A long time ago, before Nick Clegg had even troubled the selection committee for the East Midlands European Parliament list, the Liberal Democrats won an election by two votes.
If everyone who claimed to have been ‘One of the Winchester 2’ actually had been, the party wouldn’t have needed to re-fight the election after the loser went to law to have the result overturned.
In 2014 12 Trabants were supplied by Quirky Rides to star in The Man from UNCLE. Cynical observers have noted that every Trabant listed on eBay at the moment seems to have been in the movie. As, in fact, was mine. I believe this, but then, I am easily fooled.
Why did I buy a Trabant? As always, because it seemed like a good idea at the time. In an Old Woman Who Swallowed a Fly chain of wholly unnecessary consequences, I bought a Trabant because I own a QEK Junior East German caravan. I bought the caravan because my professional life requires me to camp in places unreceptive to tent pegs and my other car is a 2CV. My other car is a 2CV because when I passed my driving test in the late 1980s I couldn’t afford a Mini.

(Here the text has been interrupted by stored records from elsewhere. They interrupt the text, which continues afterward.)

(* Let $I,J,J'\in\mathcal I$ be such that $J\vartriangleleft I$, $J'\vartriangleleft I$, and $J\neq J'$. Then at least one of the following holds: $J'\vartriangleleft J$; $J\vartriangleleft J'$; or there is $J''\in\mathcal I$ with $J''\vartriangleleft J$ and $J''\vartriangleleft J'$.
   Context: Let $(a_i)_{i=1,\dots,n}$ be a sequence of distinct integers between $1$ and $n$, and set $a_0=0$; write $A=(a_i)_{i=0,1,\dots,n}$. A set $I\subseteq\{0\}\cup[n]$ is feasible if $a_i<a_j$ for all $i,j\in I$ with $i<j$; $\mathcal I$ denotes the family of feasible sets of maximum cardinality. Patience sorting: start with empty piles $P_0,\dots,P_n$; for $i=0,1,\dots,n$ in order, put $a_i$ on top of the pile $P_j$ with smallest index $j$ such that $P_j$ is empty or the top element of $P_j$ is greater than $a_i$. Let $P_0,\dots,P_k$ be the resulting nonempty piles. Say $a_u$ is placed below $a_v$ on a pile if both lie on the same pile and $a_u$ was put there before $a_v$. For $I,J\in\mathcal I$, write $I\vartriangleleft J$ if $I\setminus J=\{u\}$ and $J\setminus I=\{v\}$ for some $u,v$ such that $a_u$ is placed strictly below $a_v$ on pile $P_i$ for some $1\le i\le k$. *)

From mathcomp Require Import all_boot all_order.
Set Implicit Arguments. Unset Strict Implicit. Unset Printing Implicit Defensive.

(* The sequence A = (a_0, a_1, ..., a_n) is given as a : nat -> nat;
   only the values a 0, ..., a n matter. Indices are elements of 'I_n.+1. *)

Definition valid_seq (n : nat) (a : nat -> nat) : Prop :=
  a 0 = 0 /\
  (forall i, 1 <= i <= n -> 1 <= a i <= n) /\
  (forall i j, 1 <= i <= n -> 1 <= j <= n -> a i = a j -> i = j).

Definition feasible (n : nat) (a : nat -> nat) (I : {set 'I_n.+1}) : Prop :=
  forall i j : 'I_n.+1, i \in I -> j \in I -> (i < j)%N -> a i < a j.

Definition max_feasible (n : nat) (a : nat -> nat) (I : {set 'I_n.+1}) : Prop :=
  feasible a I /\ forall K : {set 'I_n.+1}, feasible a K -> #|K| <= #|I|.

(* Patience sorting.  The state is the sequence of tops of the piles
   P_0, P_1, ... (index j = pile P_j). *)
Definition pile_choice (tops : seq nat) (x : nat) : nat :=
  find (fun t => x < t) tops.

Definition ps_step (a : nat -> nat) (tops : seq nat) (i : nat) : seq nat :=
  set_nth 0 tops (pile_choice tops (a i)) (a i).

Definition tops_after (a : nat -> nat) (k : nat) : seq nat :=
  foldl (ps_step a) [::] (iota 0 k).

Definition pile (a : nat -> nat) (i : nat) : nat :=
  pile_choice (tops_after a i) (a i).

(* a_u is placed strictly below a_v on the same pile P_p (elements are put
   in the order of their indices) *)
Definition placed_below (a : nat -> nat) (u v : nat) : Prop :=
  pile a u = pile a v /\ u < v.

Definition tri (n : nat) (a : nat -> nat) (I J : {set 'I_n.+1}) : Prop :=
  exists u v : 'I_n.+1,
    I :\: J = [set u] /\ J :\: I = [set v] /\
    1 <= pile a u /\ placed_below a u v.

From mathcomp Require Import all_boot all_order.
From mathcomp Require Import zify.

(* Patience sorting keeps the pile tops nondecreasing from left to right, and a
   pile only receives values smaller than its top.  Hence an element lands
   strictly to the right of every earlier smaller element, and values decrease
   up each pile: the members of a feasible set sit on distinct piles, ordered
   alike by index, by value and by pile.
   Write J = I - v + u and J' = I - v' + u' with u below v and u' below v'.
   If pile u < pile u', then v <> v' and J'' = I - v - v' + u + u' is feasible,
   since each of its pairs lies in J or in J' except (u, u'), and u < v < u',
   a_u < a_v' < a_u'; it has the size of I, and J'' ◁ J, J'' ◁ J'.  If u and u'
   share a pile then v = v', so J and J' differ by exchanging u and u', and the
   lower of the two gives J ◁ J' or J' ◁ J. *)

Set Implicit Arguments.
Unset Strict Implicit.
Unset Printing Implicit Defensive.

Lemma nth_lt_pile_choice s x i : i < pile_choice s x -> nth 0 s i <= x.
Proof. by move/(before_find 0)/negbT; rewrite -leqNgt. Qed.

Lemma lt_nth_pile_choice s x :
  pile_choice s x < size s -> x < nth 0 s (pile_choice s x).
Proof.
by move=> ps; apply: (nth_find 0 (a := fun t => x < t)); rewrite has_find.
Qed.

Section PatienceSorting.

Variable a : nat -> nat.

Lemma tops_afterS k : tops_after a k.+1 = ps_step a (tops_after a k) k.
Proof. by rewrite /tops_after -addn1 iotaD foldl_cat add0n. Qed.

Lemma tops_after_nondecreasing k i j :
  i <= j -> j < size (tops_after a k) ->
  nth 0 (tops_after a k) i <= nth 0 (tops_after a k) j.
Proof.
elim: k i j => [|k IHk] i j //; rewrite tops_afterS /ps_step.
set s := tops_after a k in IHk *; set p := pile_choice s (a k).
have p_le_size : p <= size s := find_size _ _.
rewrite size_set_nth !nth_set_nth /=.
case: (eqVneq i p) => [->|ip]; case: (eqVneq j p) => [->|jp] // ij j_lt.
- have j_lt_s : j < size s by lia.
  have p_lt : p < size s by lia.
  have := IHk p j ij j_lt_s; have : a k < nth 0 s p := lt_nth_pile_choice p_lt.
  lia.
- by apply: nth_lt_pile_choice; lia.
- by apply: IHk; lia.
Qed.

Lemma pile_top_le k x :
  x < k -> pile a x < size (tops_after a k) /\
           nth 0 (tops_after a k) (pile a x) <= a x.
Proof.
elim: k => [|k IHk] //; rewrite ltnS leq_eqVlt tops_afterS /ps_step.
set s := tops_after a k in IHk *; set p := pile_choice s (a k).
rewrite size_set_nth nth_set_nth /=.
case/orP=> [/eqP ->|x_lt].
  by rewrite [pile a k]/pile -/s -/p eqxx; split=> //; lia.
have [pile_lt top_le] := IHk x_lt; split; first lia.
case: eqP => [same|_] //.
rewrite same in pile_lt top_le.
exact: ltnW (leq_trans (lt_nth_pile_choice pile_lt) top_le).
Qed.

Lemma same_pile_gt u v : u < v -> pile a u = pile a v -> a v < a u.
Proof.
move=> uv same; have [pile_lt top_le] := pile_top_le uv.
rewrite same in pile_lt top_le.
exact: leq_trans (lt_nth_pile_choice pile_lt) top_le.
Qed.

Lemma increasing_pile_lt x y : x < y -> a x < a y -> pile a x < pile a y.
Proof.
move=> xy axy; have [pile_lt top_le] := pile_top_le xy.
rewrite ltnNge; apply/negP => yx.
have pile_y_lt : pile a y < size (tops_after a y) := leq_ltn_trans yx pile_lt.
have : a y < nth 0 (tops_after a y) (pile a y) := lt_nth_pile_choice pile_y_lt.
have := tops_after_nondecreasing yx pile_lt.
lia.
Qed.

End PatienceSorting.

Section ExchangeSets.

Variable T : finType.
Implicit Types (K L : {set T}) (x y : T).

Lemma setD_exchange K x y :
  x \notin K -> y \in K ->
  (x |: (K :\ y)) :\: K = [set x] /\ K :\: (x |: (K :\ y)) = [set y].
Proof.
move=> xK yK; have xy : x != y by apply: contraNneq xK => ->.
split; apply/setP=> z; rewrite !inE.
- have [->|_] := eqVneq z x; first by rewrite xK.
  by case: (z \in K); rewrite ?andbF.
- have [->|_] := eqVneq z y; first by rewrite yK eq_sym (negbTE xy).
  by case: (z \in K); rewrite ?andbT ?orbT ?andbF.
Qed.

Lemma exchange_of_setD K L x y :
  K :\: L = [set x] -> L :\: K = [set y] ->
  [/\ K = x |: (L :\ y), x \notin L & y \in L].
Proof.
move=> /setP KL /setP LK.
have := KL x; have := LK y; rewrite !inE !eqxx => /andP[yK yL] /andP[xL xK].
split=> //; apply/setP => z; have := KL z; have := LK z; rewrite !inE.
by case: (z \in K); case: (z \in L); case: (z == x); case: (z == y).
Qed.

Lemma cards_exchange K x y : x \notin K -> y \in K -> #|x |: (K :\ y)| = #|K|.
Proof.
move=> xK yK; rewrite cardsU1 [#|K|](cardsD1 y) yK !inE.
by rewrite (negbTE xK) andbF.
Qed.

Lemma exchangeC K x y x' y' :
  x != y' -> x' != y ->
  x' |: ((x |: (K :\ y)) :\ y') = x |: ((x' |: (K :\ y')) :\ y).
Proof.
move=> xy' x'y; apply/setP => z; rewrite !inE.
have [->|_] := eqVneq z x; first by rewrite xy' orbT.
have [->|_] := eqVneq z x'; first by rewrite x'y orbT.
by rewrite /= andbCA.
Qed.

End ExchangeSets.

Section Feasible.

Variables (n : nat) (a : nat -> nat).
Implicit Types (K L : {set 'I_n.+1}) (x y : 'I_n.+1).

Lemma feasibleS K L : K \subset L -> feasible a L -> feasible a K.
Proof. by move=> /subsetP KL FL x y /KL xL /KL yL; apply: FL. Qed.

Lemma feasible_pile_lt K x y :
  feasible a K -> x \in K -> y \in K -> pile a x < pile a y ->
  x < y /\ a x < a y.
Proof.
move=> FK xK yK pxy; case: (ltngtP x y) => [xy|yx|/val_inj exy].
- by split; last exact: FK.
- by have := increasing_pile_lt yx (FK _ _ yK xK yx); lia.
- by rewrite exy ltnn in pxy.
Qed.

Lemma feasible_pile_inj K x y :
  feasible a K -> x \in K -> y \in K -> pile a x = pile a y -> x = y.
Proof.
move=> FK xK yK pxy; case: (ltngtP x y) => [xy|yx|/val_inj //].
- by have := increasing_pile_lt xy (FK _ _ xK yK xy); lia.
- by have := increasing_pile_lt yx (FK _ _ yK xK yx); lia.
Qed.

Lemma feasible_setU1I K L x y :
  feasible a K -> feasible a L -> x < y -> a x < a y ->
  feasible a ((y |: K) :&: (x |: L)).
Proof.
move=> FK FL xy axy i j; rewrite !inE => /andP[iK iL] /andP[jK jL] ij.
have gtF (p q : 'I_n.+1) : p < q -> (q == p) = false.
  by move=> pq; apply/eqP=> qp; rewrite qp ltnn in pq.
have [iy|/negbTE iy] := eqVneq i y.
  subst i; rewrite gtF // in iL; rewrite gtF ?(ltn_trans xy) // in jL.
  exact: FL.
have [jy|/negbTE jy] := eqVneq j y; last by rewrite iy jy in iK jK; apply: FK.
subst j; have [->|ix] := eqVneq i x; first exact: axy.
by rewrite (negbTE ix) in iL; rewrite gtF // in jL; apply: FL.
Qed.

Lemma max_feasible_card K L :
  max_feasible a K -> feasible a L -> #|L| = #|K| -> max_feasible a L.
Proof. by move=> [_ maxK] FL LK; split=> // M /maxK; rewrite LK. Qed.

Lemma tri_exchange K u v :
  u \notin K -> v \in K -> 1 <= pile a u -> placed_below a u v ->
  tri a (u |: (K :\ v)) K.
Proof.
by move=> uK vK pu uv; have [? ?] := setD_exchange uK vK; exists u, v.
Qed.

Lemma tri_exchange_inv K L :
  tri a K L -> exists u v, [/\ K = u |: (L :\ v), u \notin L, v \in L,
                             1 <= pile a u & placed_below a u v].
Proof.
move=> [u [v [KL [LK [pu uv]]]]].
by have [? ? ?] := exchange_of_setD KL LK; exists u, v.
Qed.

End Feasible.

Section TwoExchanges.

Variables (n : nat) (a : nat -> nat) (I : {set 'I_n.+1}) (u v u' v' : 'I_n.+1).
Let J := u |: (I :\ v).
Let J' := u' |: (I :\ v').
Hypotheses (maxI : max_feasible a I) (FJ : feasible a J) (FJ' : feasible a J').
Hypotheses (uI : u \notin I) (vI : v \in I).
Hypotheses (u'I : u' \notin I) (v'I : v' \in I).
Hypotheses (pu : 1 <= pile a u) (below_uv : placed_below a u v).
Hypotheses (pu' : 1 <= pile a u') (below_u'v' : placed_below a u' v').

Lemma exchange_piles_lt :
  pile a u < pile a u' ->
  exists J'', [/\ max_feasible a J'', tri a J'' J & tri a J'' J'].
Proof.
move: below_uv below_u'v' => [puv uv] [pu'v' u'v'] lt.
have vv' : v != v' by apply: contraTneq lt => vv'; rewrite puv pu'v' vv' ltnn.
have uu' : u != u' by apply: contraTneq lt => ->; rewrite ltnn.
have uv' : u != v' by apply: contraNneq uI => ->.
have u'v : u' != v by apply: contraNneq u'I => ->.
have u'J : u' \notin J by rewrite !inE negb_or eq_sym uu' negb_and u'I orbT.
have v'J : v' \in J by rewrite !inE [v' == v]eq_sym vv' v'I orbT.
have uJ' : u \notin J' by rewrite !inE negb_or uu' negb_and uI orbT.
have vJ' : v \in J' by rewrite !inE vv' vI orbT.
have [vu' _] : v < u' /\ a v < a u'.
  by apply: (feasible_pile_lt FJ' vJ' (setU11 _ _)); rewrite -puv.
have [_ auv'] : u < v' /\ a u < a v'.
  by apply: (feasible_pile_lt FJ (setU11 _ _) v'J); rewrite -pu'v'.
have u_lt_u' : u < u' := ltn_trans uv vu'.
have au_lt_au' : a u < a u' := ltn_trans auv' (same_pile_gt u'v' pu'v').
have J''E : u' |: (J :\ v') = u |: (J' :\ v) by rewrite /J /J' exchangeC.
exists (u' |: (J :\ v')); split.
- have FJ'' : feasible a (u' |: (J :\ v')).
    apply: feasibleS (feasible_setU1I FJ FJ' u_lt_u' au_lt_au').
    by rewrite subsetI {2}J''E !setUS ?subD1set.
  apply: (max_feasible_card maxI FJ'').
  by rewrite (cards_exchange u'J v'J) /J cards_exchange.
- exact: tri_exchange.
- by rewrite J''E; apply: tri_exchange.
Qed.

Lemma exchange_same_pile :
  pile a u = pile a u' -> J <> J' -> tri a J' J \/ tri a J J'.
Proof.
move: below_uv below_u'v' => [puv _] [pu'v' _] same JJ'.
have vv' : v = v'.
  by apply: (feasible_pile_inj maxI.1 vI v'I); rewrite -puv -pu'v'.
have uu' : u != u' by apply/eqP => uu'; apply: JJ'; rewrite /J /J' uu' vv'.
have u'J : u' \notin J by rewrite !inE negb_or eq_sym uu' negb_and u'I orbT.
have uJ' : u \notin J' by rewrite !inE negb_or uu' negb_and uI orbT.
have JE : J = u |: (J' :\ u').
  by rewrite /J /J' setU1K ?vv' // !inE negb_and u'I orbT.
have J'E : J' = u' |: (J :\ u).
  by rewrite /J /J' setU1K ?vv' // !inE negb_and uI orbT.
case: (ltngtP u u') => [lt|gt|/val_inj eq]; last by rewrite eq eqxx in uu'.
- by right; rewrite {1}JE; apply: tri_exchange; rewrite ?setU11.
- by left; rewrite {1}J'E; apply: tri_exchange; rewrite ?setU11.
Qed.

End TwoExchanges.

Theorem lemma1 (n : nat) (a : nat -> nat) (I J J' : {set 'I_n.+1}) :
  valid_seq n a ->
  max_feasible a I -> max_feasible a J -> max_feasible a J' ->
  tri a J I -> tri a J' I -> J <> J' ->
  tri a J' J \/ tri a J J' \/
  (exists J'' : {set 'I_n.+1},
     max_feasible a J'' /\ tri a J'' J /\ tri a J'' J').
Proof.
move=> _ maxI [FJ _] [FJ' _] /tri_exchange_inv[u [v [eJ uI vI pu below]]]
  /tri_exchange_inv[u' [v' [eJ' u'I v'I pu' below']]] JJ'.
subst J J'.
case: (ltngtP (pile a u) (pile a u')) => [lt|gt|same].
- right; right.
  have [J'' [maxJ'' tri_J tri_J']] :=
    exchange_piles_lt maxI FJ FJ' uI vI u'I v'I pu below pu' below' lt.
  by exists J''.
- right; right.
  have [J'' [maxJ'' tri_J' tri_J]] :=
    exchange_piles_lt maxI FJ' FJ u'I v'I uI vI pu' below' pu below gt.
  by exists J''.
- have [tri_J'J|tri_JJ'] :=
    exchange_same_pile maxI uI vI u'I v'I pu below pu' below' same JJ'.
  + by left.
  + by right; left.
Qed.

Some people would think that having got the Lomax finally sorted (apart from the seatbelt) I should be spending lovely spring weekends driving it about, not trundling gingerly towards Folkingham in a car variously nicknamed “the escape suitcase’ and ‘the racing paper bag’ for my annual season-opening camping meet, country walk and beer weekend. Such people wouldn’t realise that you appreciate country air much more after 50 miles with a slightly leaky exhaust.
“I think it sounds like a motorbike,” I said, on safe arrival.
“No it doesn’t,” said Clive. “It sounds like a bloody miracle.”